When you're looking at subsets, it's very hard to make clear and firm conclusions. The bottom line is we believe that intermediate-score patients can be treated with endocrine therapy alone, perhaps with the exception of the younger patient within the high range of intermediate scores. Abemaciclib is an interesting drug. It may be a little bit different from the other CDK4/6 inhibitors, such as ribociclib and palbociclib (Ibrance). It is as effective as the other drugs both in the first- or second-line settings. The first trial to come out with abemaciclib was as a single agent, not with endocrine therapy, for patients who had already progressed on multiple therapies. It showed effectiveness. It was a single-arm study, but compelling enough with the absence of other nonchemotherapeutic drugs. That was one of the labels for its original indication.
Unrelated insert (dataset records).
Lemma ccontinuousV f : (forall x, f x != 0) -> ccontinuous f ->
  ccontinuous (fun x => (f x)^-1).
Proof.
move=> f_neq0 [fRe fIm].
pose nf x := complex.Re (f x) ^+ 2 + complex.Im (f x) ^+ 2.
have nf_neq0 x : nf x != 0.
  apply: contra (f_neq0 x); rewrite /nf; case: (f x) => a b /=.
  by rewrite paddr_eq0 ?sqr_ge0 // !sqrf_eq0 => /andP[/eqP-> /eqP->].
have nfV_cont : continuous (fun x => (nf x)^-1).
  move=> x; apply: continuousV => //.
  exact: (continuousD (continuousM (fRe x) (fRe x)) (continuousM (fIm x) (fIm x))).
have ReV x : complex.Re ((f x)^-1) = complex.Re (f x) * (nf x)^-1.
  by rewrite /nf; case: (f x).
have ImV x : complex.Im ((f x)^-1) = - (complex.Im (f x) * (nf x)^-1).
  by rewrite /nf; case: (f x).
split=> x; [rewrite (funext ReV) | rewrite (funext ImV)].
  exact: (continuousM (fRe x) (nfV_cont x)).
exact: (continuousN (continuousM (fIm x) (nfV_cont x))).
Qed.

Lemma ccontinuous_sum (I : Type) (s : seq I) (F : I -> T -> R[i]) :
  (forall i, ccontinuous (F i)) -> ccontinuous (fun x => \sum_(i <- s) F i x).
Proof.
move=> F_cont; elim: s => [|i s ih].
  by under [fun x => _]funext => x do rewrite big_nil; exact: ccontinuous_cst.
by under [fun x => _]funext => x do rewrite big_cons; exact: ccontinuousD.
Qed.

Lemma ccontinuous_prod (I : Type) (s : seq I) (F : I -> T -> R[i]) :
  (forall i, ccontinuous (F i)) -> ccontinuous (fun x => \prod_(i <- s) F i x).
Proof.
move=> F_cont; elim: s => [|i s ih].
  by under [fun x => _]funext => x do rewrite big_nil; exact: ccontinuous_cst.
by under [fun x => _]funext => x do rewrite big_cons; exact: ccontinuousM.
Qed.

Lemma ccontinuous_det m (M : T -> 'M[R[i]]_m) :
  (forall i j, ccontinuous (fun x => M x i j)) -> ccontinuous (fun x => \det (M x)).
Proof.
move=> M_cont; apply: ccontinuous_sum => s.
by apply: ccontinuousM; [exact: ccontinuous_cst | apply: ccontinuous_prod].
Qed.

Lemma ccontinuous_invmx m (M : T -> 'M[R[i]]_m) : (forall x, M x \in unitmx) ->
  (forall i j, ccontinuous (fun x => M x i j)) ->
  forall i j, ccontinuous (fun x => invmx (M x) i j).
Proof.
move=> M_unit M_cont i j.
have invmxE x : invmx (M x) i j =
    (\det (M x))^-1 * ((-1) ^+ (j + i) * \det (row' j (col' i (M x)))).
  by rewrite /invmx M_unit !mxE.
rewrite (funext invmxE); apply: ccontinuousM; last apply: ccontinuousM.
- apply: ccontinuousV; last exact: ccontinuous_det.
  by move=> x; have := M_unit x; rewrite unitmxE unitfE.
- exact: ccontinuous_cst.
apply: ccontinuous_det => a b.
by under [fun x => _]funext => x do rewrite !mxE; exact: M_cont.
Qed.

End ComplexContinuity.

Section SupNorms.
Context {R : realType} {d : nat}.

Lemma ccontinuous_entries_bounded {n} (A : mxfun R d n) : Defs.periodic A ->
  (forall i j, ccontinuous (fun x => A x i j)) ->
  exists K, 0 <= K /\ forall x i j, cmod (A x i j) <= K.
Proof.
move=> A_per A_cont.
have entry_bounded (p : 'I_n * 'I_n) : exists M, forall x, cmod (A x p.1 p.2) <= M.
  case: p => i j; have [ReA ImA] := A_cont i j.
  have [M1 M1_ub] := continuous_periodic_bounded _ (fun k x =>
    congr1 (fun B : 'M[R[i]]_n => complex.Re (B i j)) (A_per k x)) ReA.
  have [M2 M2_ub] := continuous_periodic_bounded _ (fun k x =>
    congr1 (fun B : 'M[R[i]]_n => complex.Im (B i j)) (A_per k x)) ImA.
  by exists (M1 + M2) => x; apply: le_trans (cmod_le_ReIm _) (lerD _ _).
have [M M_ub] := choice entry_bounded.
exists (\sum_p `|M p|); split=> [|x i j]; first exact: sumr_ge0.
apply: le_trans (M_ub (i, j) x) _; rewrite (bigD1 (i, j)) //=.
by rewrite (le_trans (ler_norm _)) // lerDl sumr_ge0.
Qed.

Lemma C0norm_ge0 {n} (A : mxfun R d n) : 0 <= C0norm A.
Proof. by apply: sup_ge0 => _ [x _ <-]; exact: opnorm_ge0. Qed.

Lemma opnorm_le_C0norm {n} (A : mxfun R d n) : Defs.periodic A ->
  (forall i j, ccontinuous (fun x => A x i j)) -> forall x, opnorm (A x) <= C0norm A.
Proof.
move=> A_per A_cont x; have [K [K0 AK]] := ccontinuous_entries_bounded _ A_per A_cont.
apply: ub_le_sup; last by exists x.
by exists (Num.sqrt (n%:R * (n%:R * K) ^+ 2)) => _ [y _ <-]; exact: opnorm_le.
Qed.

Lemma C0norm_mul_invf_ge1 {n} (Z : mxfun R d n.+1) : torus_smooth_GL Z ->
  1 <= C0norm Z * C0norm (mxinvf Z).
Proof.
move=> [[Z_per Z_smooth] Z_unit].
have Z_cont i j : ccontinuous (fun x => Z x i j) by have [? [? _]] := Z_smooth [::] i j.
have Zinv_per : Defs.periodic (mxinvf Z) by move=> k x; rewrite /mxinvf Z_per.
apply: le_trans (opnorm_invmx_ge1 _ (Z_unit 0)) _.
apply: ler_pM; rewrite ?opnorm_ge0 ?opnorm_le_C0norm //.
exact: ccontinuous_invmx.
Qed.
Shortly after that, the second-line therapy came out [as a result of the] MONARCH 2 study, which looked at fulvestrant with or without abemaciclib. Again, it showed the same degree of benefit—roughly a doubling of PFS.

The most recent one was an AI with or without abemaciclib. That also showed a significant benefit. It has a slightly different profile for toxicity. [It shows] a little more in the way of gastrointestinal toxicity and a little less in the way of hematologic toxicity. It distinguishes itself in that it shows activity in later lines of therapy as well. There is a lot yet to learn about the different CDK4/6 inhibitors. They all have benefit now in the first- and second-line settings.

We need to learn more about whether there are predictors for patients who perhaps don't benefit. Thus far, all of the subsets look like they benefit. There may be some biological subsets that may point us in certain directions. At the 2018 AACR Annual Meeting, there was some indication that patients with cyclin E overexpression don't do as well. We have some data from our institution that low-molecular weight cyclin E may spell resistance to not only CDK4/6 inhibitors but with endocrine therapy. The loss of the retinoblastoma protein may also be one.

Could CDK inhibitors in combination with checkpoint blockade and targeting the PI3K pathway be a strategy?

It's something that seems to evolve over the course of therapy based on some of the initial studies. We may get to the point where we can be a little more discriminating as to who we think should be on these drugs, [and] more importantly, learn about the mechanisms of resistance to develop therapeutic approaches [that circumvent] the development of resistance. Yes. There is a huge interest in combining CDK4/6 inhibitors with other biological therapies. There was an interesting study called the neoMONARCH study, in which patients received neoadjuvant abemaciclib and endocrine therapy. The biopsies that were done after patients had been on therapy for some time showed the development of an immune infiltrate with T cells in the tumor. That has raised the interest in immunotherapy combinations because HR-positive cancers don't have much response to checkpoint inhibitors and other immune therapies.

It's possible that CDK4/6 inhibitors may, through mechanisms that aren't clear yet, bring this about. There has also been interest in combining CDK4/6 inhibitors with other targeted therapies, such as signal transduction inhibitors like PI3K inhibitors. Those trials are underway. The data show that you can safely give these drugs. We're going to need later-phase trials to sort out the benefits from those and many other combinations that are underway.